(* Let $\Omega\subseteq\mathbb{F}$ be a P-closed set with finite P-basis $\mathcal{B}$, $n=\mathrm{Rk}(\Omega)$. For any $F\in\mathbb{F}[x;\sigma,\delta]_n$, $$\mathrm{wt}_\Omega(F)=\min\{\mathrm{wt_H}(E_\mathcal{A}(F)) : \mathcal{A}\text{ is a P-basis of }\Omega\}\le \mathrm{wt_H}(E_\mathcal{B}(F)),$$ equivalently, for $f\in\mathbb{F}^\mathcal{B}$, $\mathrm{wt}_\mathcal{B}(f)=\min\{\mathrm{wt_H}(\pi_{\mathcal{B},\mathcal{A}}(f)):\mathcal{A}\text{ a P-basis of }\Omega\}\le\mathrm{wt_H}(f)$.
   Context: $\mathbb{F}$ is a division ring, $\sigma$ a ring endomorphism of $\mathbb{F}$, $\delta$ a $\sigma$-derivation ($\delta$ additive, $\delta(ab)=\sigma(a)\delta(b)+\delta(a)b$). $\mathbb{F}[x;\sigma,\delta]$ is the skew polynomial ring (left $\mathbb{F}$-space with basis $x^i$, $xa=\sigma(a)x+\delta(a)$); $\mathbb{F}[x;\sigma,\delta]_n$ are those of degree $<n$. Evaluation: $F(a)$ is the unique element with $F-F(a)\in\mathbb{F}[x;\sigma,\delta](x-a)$; $E_\Omega(F)\in\mathbb{F}^\Omega$ is $a\mapsto F(a)$. $Z(A)$ is the set of common zeros of $A$, $I(\Omega)$ the left ideal of polynomials vanishing on $\Omega$, generated by its monic minimal-degree element $F_\Omega$; $\overline{\Omega}=Z(I(\Omega))$ is the P-closure, $\Omega$ is P-closed if $\overline\Omega=\Omega$, P-independent if no $a\in\Omega$ lies in $\overline{\Omega\setminus\{a\}}$; a P-basis of a P-closed $\Omega$ is a P-independent generating subset. $\mathrm{Rk}(\Omega)=\deg F_\Omega$ equals the size of any P-basis. For a P-basis $\mathcal{B}$ with $n$ elements, $E_\mathcal{B}:\mathbb{F}[x;\sigma,\delta]_n\to\mathbb{F}^\mathcal{B}$ is bijective. Skew weight: $\mathrm{wt}_\Omega(F)=n-\mathrm{Rk}(Z(F)\cap\Omega)$ for $\deg F<n$, and $\mathrm{wt}_\mathcal{B}(E_\mathcal{B}(F))=\mathrm{wt}_\Omega(F)$. $\pi_{\mathcal{B},\mathcal{A}}(E_\mathcal{B}(F))=E_\mathcal{A}(F)$. For $f\in\mathbb{F}^\mathcal{A}$, the Hamming weight is $\mathrm{wt_H}(f)=\#\{a\in\mathcal{A}: f(a)\ne0\}$. *)

From HB Require Import structures.
From mathcomp Require Import all_boot all_order all_algebra.
From Stdlib Require Import ClassicalEpsilon.
Set Implicit Arguments. Unset Strict Implicit. Unset Printing Implicit Defensive.
Import GRing.Theory.
Local Open Scope ring_scope.

Section Skew.
Variable F : unitRingType.
Variable sigma : F -> F.
Variable delta : F -> F.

○ ○ ○

Return an exact copy of the listing above, complete in every line.

(* Let $\Omega\subseteq\mathbb{F}$ be a P-closed set with finite P-basis $\mathcal{B}$, $n=\mathrm{Rk}(\Omega)$. For any $F\in\mathbb{F}[x;\sigma,\delta]_n$, $$\mathrm{wt}_\Omega(F)=\min\{\mathrm{wt_H}(E_\mathcal{A}(F)) : \mathcal{A}\text{ is a P-basis of }\Omega\}\le \mathrm{wt_H}(E_\mathcal{B}(F)),$$ equivalently, for $f\in\mathbb{F}^\mathcal{B}$, $\mathrm{wt}_\mathcal{B}(f)=\min\{\mathrm{wt_H}(\pi_{\mathcal{B},\mathcal{A}}(f)):\mathcal{A}\text{ a P-basis of }\Omega\}\le\mathrm{wt_H}(f)$.
   Context: $\mathbb{F}$ is a division ring, $\sigma$ a ring endomorphism of $\mathbb{F}$, $\delta$ a $\sigma$-derivation ($\delta$ additive, $\delta(ab)=\sigma(a)\delta(b)+\delta(a)b$). $\mathbb{F}[x;\sigma,\delta]$ is the skew polynomial ring (left $\mathbb{F}$-space with basis $x^i$, $xa=\sigma(a)x+\delta(a)$); $\mathbb{F}[x;\sigma,\delta]_n$ are those of degree $<n$. Evaluation: $F(a)$ is the unique element with $F-F(a)\in\mathbb{F}[x;\sigma,\delta](x-a)$; $E_\Omega(F)\in\mathbb{F}^\Omega$ is $a\mapsto F(a)$. $Z(A)$ is the set of common zeros of $A$, $I(\Omega)$ the left ideal of polynomials vanishing on $\Omega$, generated by its monic minimal-degree element $F_\Omega$; $\overline{\Omega}=Z(I(\Omega))$ is the P-closure, $\Omega$ is P-closed if $\overline\Omega=\Omega$, P-independent if no $a\in\Omega$ lies in $\overline{\Omega\setminus\{a\}}$; a P-basis of a P-closed $\Omega$ is a P-independent generating subset. $\mathrm{Rk}(\Omega)=\deg F_\Omega$ equals the size of any P-basis. For a P-basis $\mathcal{B}$ with $n$ elements, $E_\mathcal{B}:\mathbb{F}[x;\sigma,\delta]_n\to\mathbb{F}^\mathcal{B}$ is bijective. Skew weight: $\mathrm{wt}_\Omega(F)=n-\mathrm{Rk}(Z(F)\cap\Omega)$ for $\deg F<n$, and $\mathrm{wt}_\mathcal{B}(E_\mathcal{B}(F))=\mathrm{wt}_\Omega(F)$. $\pi_{\mathcal{B},\mathcal{A}}(E_\mathcal{B}(F))=E_\mathcal{A}(F)$. For $f\in\mathbb{F}^\mathcal{A}$, the Hamming weight is $\mathrm{wt_H}(f)=\#\{a\in\mathcal{A}: f(a)\ne0\}$. *)

From HB Require Import structures.
From mathcomp Require Import all_boot all_order all_algebra.
From Stdlib Require Import ClassicalEpsilon.
Set Implicit Arguments. Unset Strict Implicit. Unset Printing Implicit Defensive.
Import GRing.Theory.
Local Open Scope ring_scope.

Section Skew.
Variable F : unitRingType.
Variable sigma : F -> F.
Variable delta : F -> F.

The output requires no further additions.